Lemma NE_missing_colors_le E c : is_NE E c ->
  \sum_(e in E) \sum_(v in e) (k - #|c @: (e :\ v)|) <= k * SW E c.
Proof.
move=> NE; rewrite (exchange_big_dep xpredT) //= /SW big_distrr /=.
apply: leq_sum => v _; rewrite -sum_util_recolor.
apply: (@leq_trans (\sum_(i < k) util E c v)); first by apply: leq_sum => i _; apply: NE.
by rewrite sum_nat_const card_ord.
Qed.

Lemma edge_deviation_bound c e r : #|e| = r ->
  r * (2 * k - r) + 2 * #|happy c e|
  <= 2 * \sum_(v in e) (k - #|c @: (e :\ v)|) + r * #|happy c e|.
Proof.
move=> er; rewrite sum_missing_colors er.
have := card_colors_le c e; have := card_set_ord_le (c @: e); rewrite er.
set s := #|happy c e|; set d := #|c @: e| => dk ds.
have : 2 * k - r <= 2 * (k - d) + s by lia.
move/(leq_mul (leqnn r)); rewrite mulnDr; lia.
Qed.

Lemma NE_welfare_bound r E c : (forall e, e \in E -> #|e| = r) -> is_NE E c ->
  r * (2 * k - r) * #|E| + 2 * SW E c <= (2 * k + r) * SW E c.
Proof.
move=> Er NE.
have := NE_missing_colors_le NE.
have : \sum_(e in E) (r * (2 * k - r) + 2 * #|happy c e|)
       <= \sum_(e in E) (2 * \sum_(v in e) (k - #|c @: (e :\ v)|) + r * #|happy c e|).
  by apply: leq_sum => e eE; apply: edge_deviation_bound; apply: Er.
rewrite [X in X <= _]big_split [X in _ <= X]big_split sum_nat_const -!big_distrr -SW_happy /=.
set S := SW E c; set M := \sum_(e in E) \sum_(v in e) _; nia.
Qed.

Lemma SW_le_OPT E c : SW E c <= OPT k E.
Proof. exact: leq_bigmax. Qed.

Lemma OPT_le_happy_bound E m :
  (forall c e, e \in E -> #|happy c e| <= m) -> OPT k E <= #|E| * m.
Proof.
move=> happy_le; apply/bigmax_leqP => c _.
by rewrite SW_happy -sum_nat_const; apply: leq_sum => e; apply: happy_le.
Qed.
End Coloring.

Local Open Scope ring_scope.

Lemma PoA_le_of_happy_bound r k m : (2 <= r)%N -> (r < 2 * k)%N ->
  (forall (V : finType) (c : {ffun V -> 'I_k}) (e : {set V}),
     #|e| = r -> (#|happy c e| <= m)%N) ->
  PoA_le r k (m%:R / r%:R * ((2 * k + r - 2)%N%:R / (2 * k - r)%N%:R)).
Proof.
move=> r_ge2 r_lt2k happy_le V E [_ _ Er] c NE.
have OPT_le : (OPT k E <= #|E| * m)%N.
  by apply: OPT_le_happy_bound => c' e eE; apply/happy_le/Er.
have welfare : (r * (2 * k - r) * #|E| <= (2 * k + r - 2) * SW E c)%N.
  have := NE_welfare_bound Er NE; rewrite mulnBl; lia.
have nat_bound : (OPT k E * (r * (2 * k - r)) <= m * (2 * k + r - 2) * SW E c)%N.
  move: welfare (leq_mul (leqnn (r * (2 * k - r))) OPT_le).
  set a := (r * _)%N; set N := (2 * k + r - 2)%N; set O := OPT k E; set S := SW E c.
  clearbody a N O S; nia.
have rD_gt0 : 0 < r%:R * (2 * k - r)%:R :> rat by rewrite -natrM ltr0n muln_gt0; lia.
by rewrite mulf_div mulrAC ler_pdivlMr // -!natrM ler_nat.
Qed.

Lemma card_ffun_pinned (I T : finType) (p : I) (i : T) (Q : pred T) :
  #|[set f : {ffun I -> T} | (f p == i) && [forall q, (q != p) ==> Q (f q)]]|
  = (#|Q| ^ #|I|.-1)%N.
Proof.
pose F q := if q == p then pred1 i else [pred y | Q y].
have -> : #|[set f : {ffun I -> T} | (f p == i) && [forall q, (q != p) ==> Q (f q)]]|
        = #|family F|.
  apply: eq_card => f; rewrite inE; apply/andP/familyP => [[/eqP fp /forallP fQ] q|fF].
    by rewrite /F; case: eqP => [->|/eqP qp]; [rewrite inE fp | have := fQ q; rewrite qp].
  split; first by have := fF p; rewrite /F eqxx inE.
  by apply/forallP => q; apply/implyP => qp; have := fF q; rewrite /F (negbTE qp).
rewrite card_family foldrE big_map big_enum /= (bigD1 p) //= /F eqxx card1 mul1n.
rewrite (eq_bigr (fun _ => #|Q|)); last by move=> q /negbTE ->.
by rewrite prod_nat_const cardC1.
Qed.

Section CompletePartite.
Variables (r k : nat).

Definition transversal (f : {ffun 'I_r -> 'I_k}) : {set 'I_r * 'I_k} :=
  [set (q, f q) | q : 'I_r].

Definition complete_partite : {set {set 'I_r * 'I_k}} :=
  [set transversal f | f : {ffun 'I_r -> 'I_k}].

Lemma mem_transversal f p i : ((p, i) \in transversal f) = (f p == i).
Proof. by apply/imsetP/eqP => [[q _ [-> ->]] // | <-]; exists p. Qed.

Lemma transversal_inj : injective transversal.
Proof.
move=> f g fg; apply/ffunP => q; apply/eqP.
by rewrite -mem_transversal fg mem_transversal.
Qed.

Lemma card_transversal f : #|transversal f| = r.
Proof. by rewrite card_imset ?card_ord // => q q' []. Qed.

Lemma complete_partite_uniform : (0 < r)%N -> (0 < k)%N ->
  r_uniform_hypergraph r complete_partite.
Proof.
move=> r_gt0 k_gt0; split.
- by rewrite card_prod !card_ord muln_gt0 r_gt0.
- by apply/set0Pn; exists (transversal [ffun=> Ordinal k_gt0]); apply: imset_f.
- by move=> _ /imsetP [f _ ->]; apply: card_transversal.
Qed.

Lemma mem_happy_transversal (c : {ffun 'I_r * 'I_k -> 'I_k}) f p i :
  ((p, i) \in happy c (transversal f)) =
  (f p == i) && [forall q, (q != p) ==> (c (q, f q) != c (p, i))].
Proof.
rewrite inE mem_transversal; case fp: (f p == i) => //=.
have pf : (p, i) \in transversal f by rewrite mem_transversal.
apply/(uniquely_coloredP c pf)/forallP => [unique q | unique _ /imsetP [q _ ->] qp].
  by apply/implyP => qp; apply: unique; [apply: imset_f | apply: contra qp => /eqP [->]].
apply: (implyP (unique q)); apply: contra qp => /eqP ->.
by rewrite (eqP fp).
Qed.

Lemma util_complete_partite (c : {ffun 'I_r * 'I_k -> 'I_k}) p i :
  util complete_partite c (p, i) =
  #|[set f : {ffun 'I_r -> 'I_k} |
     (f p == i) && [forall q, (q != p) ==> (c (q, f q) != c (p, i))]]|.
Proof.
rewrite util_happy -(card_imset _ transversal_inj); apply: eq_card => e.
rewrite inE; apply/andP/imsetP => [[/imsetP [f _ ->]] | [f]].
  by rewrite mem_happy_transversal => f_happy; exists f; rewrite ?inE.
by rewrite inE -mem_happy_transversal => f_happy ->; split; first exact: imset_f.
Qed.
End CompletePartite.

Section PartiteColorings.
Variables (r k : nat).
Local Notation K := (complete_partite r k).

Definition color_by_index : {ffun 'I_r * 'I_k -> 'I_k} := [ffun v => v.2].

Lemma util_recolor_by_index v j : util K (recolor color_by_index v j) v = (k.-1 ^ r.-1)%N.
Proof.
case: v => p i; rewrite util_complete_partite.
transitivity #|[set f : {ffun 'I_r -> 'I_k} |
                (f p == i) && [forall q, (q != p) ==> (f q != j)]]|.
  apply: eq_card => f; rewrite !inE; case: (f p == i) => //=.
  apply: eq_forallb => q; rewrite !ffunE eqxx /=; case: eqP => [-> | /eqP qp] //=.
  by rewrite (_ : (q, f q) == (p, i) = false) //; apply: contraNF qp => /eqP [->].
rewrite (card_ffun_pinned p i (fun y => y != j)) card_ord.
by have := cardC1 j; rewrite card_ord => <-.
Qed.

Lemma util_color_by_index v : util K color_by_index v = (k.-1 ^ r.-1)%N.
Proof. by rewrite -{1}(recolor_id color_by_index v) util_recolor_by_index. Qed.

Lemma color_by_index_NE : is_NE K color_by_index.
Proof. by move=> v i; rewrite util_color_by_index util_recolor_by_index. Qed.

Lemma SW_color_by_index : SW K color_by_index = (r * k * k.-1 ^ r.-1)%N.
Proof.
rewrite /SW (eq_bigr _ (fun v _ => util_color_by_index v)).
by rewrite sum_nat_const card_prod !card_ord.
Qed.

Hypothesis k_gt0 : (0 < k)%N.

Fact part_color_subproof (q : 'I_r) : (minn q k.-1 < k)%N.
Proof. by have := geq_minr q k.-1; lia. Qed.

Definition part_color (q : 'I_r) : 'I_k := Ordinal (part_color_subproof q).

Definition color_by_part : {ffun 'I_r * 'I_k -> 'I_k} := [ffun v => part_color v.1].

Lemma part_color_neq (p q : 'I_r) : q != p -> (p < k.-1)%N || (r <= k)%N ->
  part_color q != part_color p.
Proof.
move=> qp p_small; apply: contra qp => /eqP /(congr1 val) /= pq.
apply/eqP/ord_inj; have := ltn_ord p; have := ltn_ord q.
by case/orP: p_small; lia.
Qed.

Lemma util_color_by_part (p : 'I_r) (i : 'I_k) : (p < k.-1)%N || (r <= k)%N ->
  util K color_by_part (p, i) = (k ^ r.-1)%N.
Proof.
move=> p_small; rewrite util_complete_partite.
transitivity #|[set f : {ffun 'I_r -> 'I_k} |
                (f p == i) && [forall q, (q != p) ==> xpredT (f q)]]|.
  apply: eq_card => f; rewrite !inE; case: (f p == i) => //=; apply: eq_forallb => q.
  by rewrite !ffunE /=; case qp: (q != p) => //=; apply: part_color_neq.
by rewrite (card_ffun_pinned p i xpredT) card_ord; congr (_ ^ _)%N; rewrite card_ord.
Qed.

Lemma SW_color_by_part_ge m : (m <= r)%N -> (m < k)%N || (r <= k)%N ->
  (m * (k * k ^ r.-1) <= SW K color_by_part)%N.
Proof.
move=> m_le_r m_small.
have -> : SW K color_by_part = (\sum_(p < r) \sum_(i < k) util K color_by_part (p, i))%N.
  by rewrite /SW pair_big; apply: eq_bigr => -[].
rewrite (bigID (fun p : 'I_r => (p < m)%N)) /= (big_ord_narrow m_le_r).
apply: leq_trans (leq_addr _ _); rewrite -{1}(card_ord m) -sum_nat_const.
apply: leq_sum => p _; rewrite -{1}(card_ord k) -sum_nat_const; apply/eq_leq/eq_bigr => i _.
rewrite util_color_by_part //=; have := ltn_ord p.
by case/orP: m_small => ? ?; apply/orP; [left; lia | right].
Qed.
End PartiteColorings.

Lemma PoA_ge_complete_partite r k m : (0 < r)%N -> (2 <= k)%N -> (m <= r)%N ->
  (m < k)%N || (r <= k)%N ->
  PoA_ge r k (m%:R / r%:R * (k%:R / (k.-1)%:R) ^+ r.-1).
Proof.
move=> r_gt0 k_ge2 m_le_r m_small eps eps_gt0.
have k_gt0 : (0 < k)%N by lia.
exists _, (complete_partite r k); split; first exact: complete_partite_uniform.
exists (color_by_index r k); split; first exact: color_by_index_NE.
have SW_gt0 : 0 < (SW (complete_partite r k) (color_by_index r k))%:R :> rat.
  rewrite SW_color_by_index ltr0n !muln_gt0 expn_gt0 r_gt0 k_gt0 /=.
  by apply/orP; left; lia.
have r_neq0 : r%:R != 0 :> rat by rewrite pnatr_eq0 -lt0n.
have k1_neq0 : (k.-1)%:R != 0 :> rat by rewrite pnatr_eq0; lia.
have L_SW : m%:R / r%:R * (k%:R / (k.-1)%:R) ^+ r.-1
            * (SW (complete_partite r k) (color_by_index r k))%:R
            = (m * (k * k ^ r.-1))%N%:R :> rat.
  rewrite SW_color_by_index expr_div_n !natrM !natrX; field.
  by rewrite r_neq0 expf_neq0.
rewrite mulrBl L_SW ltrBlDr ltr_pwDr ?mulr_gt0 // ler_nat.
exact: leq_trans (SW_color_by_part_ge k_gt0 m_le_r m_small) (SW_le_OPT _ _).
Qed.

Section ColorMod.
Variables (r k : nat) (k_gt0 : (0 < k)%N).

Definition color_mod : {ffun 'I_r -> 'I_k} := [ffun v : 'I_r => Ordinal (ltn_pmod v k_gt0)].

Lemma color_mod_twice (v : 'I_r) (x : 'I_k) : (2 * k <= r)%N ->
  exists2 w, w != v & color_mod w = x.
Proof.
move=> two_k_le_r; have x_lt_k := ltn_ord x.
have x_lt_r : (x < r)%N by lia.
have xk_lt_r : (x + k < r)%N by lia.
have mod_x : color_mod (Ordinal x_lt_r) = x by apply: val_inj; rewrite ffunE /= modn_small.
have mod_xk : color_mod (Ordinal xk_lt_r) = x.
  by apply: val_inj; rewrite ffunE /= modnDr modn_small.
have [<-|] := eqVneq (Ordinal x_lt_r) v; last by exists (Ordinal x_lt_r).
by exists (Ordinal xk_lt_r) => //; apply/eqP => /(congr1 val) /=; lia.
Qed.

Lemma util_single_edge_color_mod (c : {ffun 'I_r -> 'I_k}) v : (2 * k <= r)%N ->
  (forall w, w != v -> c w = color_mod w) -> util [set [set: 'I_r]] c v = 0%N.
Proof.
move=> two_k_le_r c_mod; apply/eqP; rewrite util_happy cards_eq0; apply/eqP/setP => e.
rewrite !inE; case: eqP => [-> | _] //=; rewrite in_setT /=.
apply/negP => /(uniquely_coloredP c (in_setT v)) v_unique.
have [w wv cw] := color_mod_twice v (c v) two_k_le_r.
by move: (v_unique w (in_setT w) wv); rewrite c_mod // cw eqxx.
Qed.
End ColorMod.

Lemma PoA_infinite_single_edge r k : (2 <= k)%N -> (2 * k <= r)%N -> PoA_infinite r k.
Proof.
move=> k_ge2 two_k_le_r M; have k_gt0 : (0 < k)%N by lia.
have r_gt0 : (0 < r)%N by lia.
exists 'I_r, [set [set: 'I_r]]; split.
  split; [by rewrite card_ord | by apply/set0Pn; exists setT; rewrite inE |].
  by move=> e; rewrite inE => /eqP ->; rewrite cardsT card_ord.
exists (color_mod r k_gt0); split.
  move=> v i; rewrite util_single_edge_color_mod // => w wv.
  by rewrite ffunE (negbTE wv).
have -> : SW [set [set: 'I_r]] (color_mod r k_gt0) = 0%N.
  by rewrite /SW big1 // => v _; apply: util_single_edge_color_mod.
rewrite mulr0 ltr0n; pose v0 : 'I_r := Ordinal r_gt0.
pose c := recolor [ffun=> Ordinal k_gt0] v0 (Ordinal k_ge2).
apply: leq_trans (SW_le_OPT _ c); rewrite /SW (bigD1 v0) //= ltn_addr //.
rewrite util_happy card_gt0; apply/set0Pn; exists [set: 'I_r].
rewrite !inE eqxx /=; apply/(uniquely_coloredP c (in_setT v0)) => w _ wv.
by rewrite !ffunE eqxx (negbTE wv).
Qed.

◆ Task item:
Answer with one number only: how many lines in the listing include "pose".

◆ Expected answer:
3